Two dice are rolled. Let the random variable X denote the number that falls uppermost on the first die and let Y denote the number that falls uppermost on the second die.
(a) Find the probability distributions of X and Y.
(b) Find the probability distribution of X + Y.
x + y 2 3 4 5 6 7
P(X + Y = x + y)
x + y 8 9 10 11 12
P(X + Y = x + y)
To find the probability distributions of X and Y, we need to determine the probability of each possible outcome when rolling a single die.
Since each die has 6 sides and they are fair, the probability of rolling any number from 1 to 6 is 1/6.
(a) Probability distribution of X:
X can take values from 1 to 6. The probability of X taking each value is the same because both dice are fair.

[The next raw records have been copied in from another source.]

Lemma gcompNr M N P d (g : gmap N P) (f : gmap M N) :
  gadditive g -> g \o[d] (- f) = - (g \o[d] f).
Proof. by move=> ag; apply: gmap_ext => i j x; rewrite /gcomp !goppE (gadditiveN ag). Qed.

Lemma gcomp0r M N P d (g : gmap N P) : gadditive g -> g \o[d] (0 : gmap M N) = 0.
Proof. by move=> ag; apply: gmap_ext => i j x; rewrite /gcomp !g0E (gadditive0 ag). Qed.

Lemma gcompA M N P Q d1 d2 d3 (f : gmap M N) (g : gmap N P) (k : gmap P Q) :
  d1 + d2 = d3 -> k \o[d3] (g \o[d1] f) = (k \o[d2] g) \o[d1] f.
Proof. by move=> <-; apply: gmap_ext => i j x; rewrite /gcomp addrA. Qed.

Lemma gcomp1l M N d (f : gmap M N) : is_gmap d f -> gid N \o[d] f = f.
Proof.
move=> [f0 _]; apply: gmap_ext => i j x; rewrite /gcomp.
have [<-|ij] := eqVneq (i + d) j; first by rewrite gid_eq.
by rewrite gid_neq // f0 // eq_sym.
Qed.

Lemma gcomp1r M N (f : gmap M N) : f \o[0] gid M = f.
Proof.
apply: gmap_ext => i j x; rewrite /gcomp.
by case: (i + 0) / (esym (addr0 i)); rewrite gid_eq.
Qed.

Lemma gcomp_ctx M N P Q d1 d2 (u : gmap M N) (v : gmap N P) (w : gmap M P)
  (X : gmap P Q) : v \o[d1] u = w -> X \o[d2] v \o[d1] u = X \o[d1 + d2] w.
Proof. by move=> <-; apply: gmap_ext => a b x; rewrite /gcomp addrA. Qed.

Lemma gcomp_ctx3 M N P Q S d1 d2 d3 (u : gmap M N) (v : gmap N P) (w : gmap P Q)
  (z : gmap M Q) (X : gmap Q S) :
  w \o[d2] v \o[d1] u = z -> X \o[d3] w \o[d2] v \o[d1] u = X \o[d1 + d2 + d3] z.
Proof. by move=> <-; apply: gmap_ext => a b x; rewrite /gcomp !addrA. Qed.

Lemma null_homotopicP M N (bM : gmap M M) (bN : gmap N N) (f H : gmap M N) :
  is_gmap 1 H -> f = bN \o[1] H + H \o[-1] bM -> null_homotopic bM bN f.
Proof. by move=> H_deg ->; exists H. Qed.

End GradedMaps.

Arguments gcomp_ctx {R M N P Q d1 d2 u v w X}.
Arguments gcomp_ctx3 {R M N P Q S d1 d2 d3 u v w z X}.

Create HintDb gdegree.

Ltac gdegree := repeat first
  [ eassumption | solve [eauto with gdegree] | apply: is_gmap_id
  | apply: is_gmap_add | apply: is_gmap_comp | done ].

Ltac gadditivity := repeat first
  [ apply: gmap_additive; solve [eassumption | eauto with gdegree]
  | apply: gadditive_comp | apply: gadditive_add ].

Ltac gcomp_assoc := first
  [ rewrite (gcompA (d2 := -1)); last done
  | rewrite (gcompA (d2 := 0)); last done
  | rewrite (gcompA (d2 := 1)); last done
  | rewrite (gcompA (d2 := -2)); last done ].

(* Normal form: sums of left-nested compositions ((f1 \o f2) \o f3) \o ...,
   in which an identity between chains can only be rewritten where the chain
   is a prefix; [grewrite] also rewrites it behind a left factor X. *)
Ltac gnorm := repeat first
  [ gcomp_assoc | rewrite gcomp1r | rewrite gcomp1l; last by gdegree
  | rewrite gcompDl | rewrite gcompNl
  | rewrite gcompDr; last by gadditivity | rewrite gcompNr; last by gadditivity ].

Ltac grewrite E :=
  rewrite ?E; try rewrite !(gcomp_ctx E); try rewrite !(gcomp_ctx3 E).
(* Let $\mathcal M$ be a map in class $2_{\{0,1\}}$. Then no two distinct faces of $\mathcal M$ share two consecutive edges (i.e., there is no pair of distinct faces whose boundaries both contain a common path of two edges).
   Context: A map is a $2$-cell embedding of a connected simple graph (its underlying graph) in a closed surface; the components of the complement are the faces. All maps considered are polytopal: flags correspond bijectively to incident triples (vertex, edge, face). For a flag $\Phi$ and $i\in\{0,1,2\}$, $\Phi^i$ is the unique flag differing from $\Phi$ exactly in its vertex ($i=0$), edge ($i=1$) or face ($i=2$). $\mathrm{Aut}(\mathcal M)$ is the group of automorphisms of the underlying graph preserving the set of faces, acting on flags. A map is in class $2_{\{0,1\}}$ if $\mathrm{Aut}(\mathcal M)$ has exactly two orbits on flags and for every flag $\Phi$, the flags $\Phi^0,\Phi^1$ lie in the orbit of $\Phi$ while $\Phi^2$ does not. *)

(* Maps are encoded combinatorially by their flags:
   a finite set of flags with the three involutions Phi |-> Phi^0, Phi^1, Phi^2. *)
From mathcomp Require Import all_boot all_fingroup.
Set Implicit Arguments. Unset Strict Implicit. Unset Printing Implicit Defensive.

Section Maps.
Variable Omega : finType.
Variables r0 r1 r2 : Omega -> Omega.

Definition same_vertex : rel Omega :=
  connect (fun x y => (y == r1 x) || (y == r2 x)).
Definition same_edge : rel Omega :=
  connect (fun x y => (y == r0 x) || (y == r2 x)).
Definition same_face : rel Omega :=
  connect (fun x y => (y == r0 x) || (y == r1 x)).
Definition flag_connected : Prop :=
  forall x y, connect (fun x y => [|| y == r0 x, y == r1 x | y == r2 x]) x y.

(* a map on a closed surface whose underlying graph is connected and simple *)
Definition is_map : Prop :=
  (forall x, r0 (r0 x) = x /\ r1 (r1 x) = x /\ r2 (r2 x) = x) /\
  (forall x, r0 x <> x /\ r1 x <> x /\ r2 x <> x) /\
  (forall x, r0 (r2 x) = r2 (r0 x) /\ r0 (r2 x) <> x) /\
  flag_connected /\
  (* no loops *)
  (forall x, ~~ same_vertex x (r0 x)) /\
  (* no multiple edges *)
  (forall x y, same_vertex x y -> same_vertex (r0 x) (r0 y) ->
               same_edge x y).

(* flags correspond bijectively to incident (vertex, edge, face) triples *)
Definition polytopal : Prop :=
  (forall x y, same_vertex x y -> same_edge x y -> same_face x y -> x = y) /\
  (forall a b c, same_edge a b -> same_vertex a c -> same_face b c ->
     exists x, [/\ same_vertex x a, same_edge x a & same_face x b]).

Definition is_aut (g : {perm Omega}) : Prop :=
  forall x, g (r0 x) = r0 (g x) /\ g (r1 x) = r1 (g x) /\ g (r2 x) = r2 (g x).

Definition same_orbit (x y : Omega) : Prop :=
  exists g : {perm Omega}, is_aut g /\ g x = y.

Definition class2_01 : Prop :=
  (exists a b, ~ same_orbit a b /\ forall x, same_orbit a x \/ same_orbit b x) /\
  (forall x, same_orbit x (r0 x) /\ same_orbit x (r1 x) /\ ~ same_orbit x (r2 x)).

(* two distinct faces (of x and y) whose boundaries both contain the
   two-edge path formed by the consecutive edges (of x and r1 x) at the
   common vertex *)
Definition share_two_consecutive_edges : Prop :=
  exists x y, [/\ ~~ same_face x y, same_vertex x y, ~~ same_edge x (r1 x),
                  same_edge x y & same_edge (r1 x) (r1 y)].

End Maps.

(* If two distinct faces share the two consecutive edges of the flags x and
   r1 x at a vertex, the faces are those of x and r2 x, and r1 and r2 commute
   at x.  Automorphisms transport this commutation along the orbit of x, and
   since r2 swaps the two flag orbits it transports it to the other orbit as
   well.  So r1 and r2 commute everywhere, which makes r2 itself an
   automorphism; but r2 must move every flag to the other orbit. *)
From mathcomp Require Import all_boot all_fingroup.
Set Implicit Arguments. Unset Strict Implicit. Unset Printing Implicit Defensive.

Lemma involutive_rel_sym (T : eqType) (f g : T -> T) :
  involutive f -> involutive g -> symmetric (fun x y => (y == f x) || (y == g x)).
Proof.
move=> fK gK x y; apply/orP/orP => -[/eqP->|/eqP->];
  by [left; rewrite fK | right; rewrite gK].
Qed.

Section Flags.
Variables (Omega : finType) (r0 r1 r2 : Omega -> Omega).
Hypotheses (r0K : involutive r0) (r1K : involutive r1) (r2K : involutive r2).

Lemma same_vertexC u w : same_vertex r1 r2 u w = same_vertex r1 r2 w u.
Proof. by apply: sym_connect_sym; apply: involutive_rel_sym. Qed.

Lemma same_vertex_r1 u : same_vertex r1 r2 u (r1 u).
Proof. by apply: connect1; rewrite eqxx. Qed.

Lemma same_vertex_r2 u : same_vertex r1 r2 u (r2 u).
Proof. by apply: connect1; rewrite eqxx orbT. Qed.

Hypothesis r02C : forall x, r0 (r2 x) = r2 (r0 x).

Lemma same_edge_sub u w :
  same_edge r0 r2 u w -> w \in [:: u; r0 u; r2 u; r2 (r0 u)].
Proof.
have closedE : closed (fun x y => (y == r0 x) || (y == r2 x)) [:: u; r0 u; r2 u; r2 (r0 u)].
  apply: intro_closed; first exact: sym_connect_sym (involutive_rel_sym r0K r2K).
  move=> s t /orP[] /eqP-> /[!inE] /or4P[] /eqP->;
    by rewrite -?r02C ?r0K ?r2K ?eqxx ?orbT.
by move/(closed_connect closedE) <-; rewrite inE eqxx.
Qed.

Hypothesis loopless : forall x, ~~ same_vertex r1 r2 x (r0 x).

Lemma same_vertex_edge u w :
  same_vertex r1 r2 u w -> same_edge r0 r2 u w -> w = u \/ w = r2 u.
Proof.
move=> uw /same_edge_sub /[!inE] /or4P[] /eqP wE; subst w; [by left | | by right | ].
- by rewrite (negbTE (loopless u)) in uw.
- case/negP: (loopless u).
  have rv : same_vertex r1 r2 (r2 (r0 u)) (r0 u) by rewrite same_vertexC same_vertex_r2.
  exact: connect_trans uw rv.
Qed.

Lemma r1r2_commute_of_shared_edges x y : x != y ->
    same_vertex r1 r2 x y -> same_edge r0 r2 x y ->
    same_edge r0 r2 (r1 x) (r1 y) ->
  r1 (r2 x) = r2 (r1 x).
Proof.
move=> /negPf neq_xy xy /(same_vertex_edge xy)[yx|y2x]; first by rewrite yx eqxx in neq_xy.
subst y => rxy.
have r1x_x : same_vertex r1 r2 (r1 x) x by rewrite same_vertexC same_vertex_r1.
have v_r1 := connect_trans (connect_trans r1x_x (same_vertex_r2 x)) (same_vertex_r1 (r2 x)).
case: (same_vertex_edge v_r1 rxy) => // /(congr1 r1); rewrite !r1K => x2x.
by rewrite x2x eqxx in neq_xy.
Qed.

End Flags.

Section Automorphisms.
Variables (Omega : finType) (r0 r1 r2 : Omega -> Omega).
Local Open Scope group_scope.

Lemma is_autV g : is_aut r0 r1 r2 g -> is_aut r0 r1 r2 g^-1.
Proof.
move=> autg x; have [g0 [g1 g2]] := autg (g^-1 x).
by rewrite permKV in g0 g1 g2; split; [|split]; apply: (@perm_inj _ g); rewrite permKV.
Qed.

Lemma is_autM g h : is_aut r0 r1 r2 g -> is_aut r0 r1 r2 h -> is_aut r0 r1 r2 (g * h).
Proof.
move=> autg auth x; rewrite !permM.
by have [-> [-> ->]] := autg x; have [-> [-> ->]] := auth (g x).
Qed.

Lemma same_orbit_sym x y : same_orbit r0 r1 r2 x y -> same_orbit r0 r1 r2 y x.
Proof. by case=> g [autg <-]; exists g^-1; rewrite permK; split=> //; apply: is_autV. Qed.

Lemma same_orbit_trans x y z :
  same_orbit r0 r1 r2 x y -> same_orbit r0 r1 r2 y z -> same_orbit r0 r1 r2 x z.
Proof.
case=> g [autg <-] [h [auth <-]].
by exists (g * h); rewrite permM; split=> //; apply: is_autM.
Qed.

Lemma same_orbit_two_classes a b x y z :
    (forall t, same_orbit r0 r1 r2 a t \/ same_orbit r0 r1 r2 b t) ->
    ~ same_orbit r0 r1 r2 x y ->
  same_orbit r0 r1 r2 x z \/ same_orbit r0 r1 r2 y z.
Proof.
move=> cover nxy.
have link u v w : same_orbit r0 r1 r2 u v -> same_orbit r0 r1 r2 u w ->
    same_orbit r0 r1 r2 v w.
  by move/same_orbit_sym; apply: same_orbit_trans.
by case: (cover x) (cover y) (cover z) => ox [] oy [] oz;
  first [ by left; apply: link ox oz | by right; apply: link oy oz
        | by case: nxy; apply: link ox oy ].
Qed.

Lemma same_orbit_r1r2_commute x z : same_orbit r0 r1 r2 x z ->
  r1 (r2 x) = r2 (r1 x) -> r1 (r2 z) = r2 (r1 z).
Proof.
case=> g [autg <-] c12x.
have [_ [g1 g2]] := autg x; have [_ [g1' _]] := autg (r2 x); have [_ [_ g2']] := autg (r1 x).
by rewrite -g2 -g1' c12x g2' g1.
Qed.

Lemma r2_is_aut (r2K : involutive r2) :
    (forall x, r0 (r2 x) = r2 (r0 x)) -> (forall x, r1 (r2 x) = r2 (r1 x)) ->
  is_aut r0 r1 r2 (perm (inv_inj r2K)).
Proof. by move=> r02C r12C x; rewrite !permE r02C r12C. Qed.

End Automorphisms.

Theorem corollary2p6 (Omega : finType) (r0 r1 r2 : Omega -> Omega) :
  is_map r0 r1 r2 -> polytopal r0 r1 r2 -> class2_01 r0 r1 r2 ->
  ~ share_two_consecutive_edges r0 r1 r2.
Proof.
move=> [invs [_ [r02 [_ [loopless _]]]]] _ [[a [b [_ cover]]] cls]
  [x [y [fxy vxy _ exy e1xy]]].
have r0K : involutive r0 by move=> t; case: (invs t).
have r1K : involutive r1 by move=> t; case: (invs t) => _ [].
have r2K : involutive r2 by move=> t; case: (invs t) => _ [].
have r02C t : r0 (r2 t) = r2 (r0 t) by case: (r02 t).
have neq_xy : x != y by apply: contraNneq fxy => ->; apply: connect0.
have c12x := r1r2_commute_of_shared_edges r0K r1K r2K r02C loopless neq_xy vxy exy e1xy.
have not_x_r2x : ~ same_orbit r0 r1 r2 x (r2 x) by case: (cls x) => _ [].
have r12C z : r1 (r2 z) = r2 (r1 z).
  case: (same_orbit_two_classes z cover not_x_r2x) => /same_orbit_r1r2_commute; apply=> //.
  by rewrite c12x !r2K.
by apply: not_x_r2x; exists (perm (inv_inj r2K)); rewrite permE; split=> //; apply: r2_is_aut.
Qed.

P(X = 1) = P(X = 2) = P(X = 3) = P(X = 4) = P(X = 5) = P(X = 6) = 1/6.
(b) Probability distribution of Y:
Same as X, Y can also take values from 1 to 6, and the probabilities are equal.
P(Y = 1) = P(Y = 2) = P(Y = 3) = P(Y = 4) = P(Y = 5) = P(Y = 6) = 1/6.
To find the probability distribution of X + Y, we need to find the sum of X and Y for every possible combination.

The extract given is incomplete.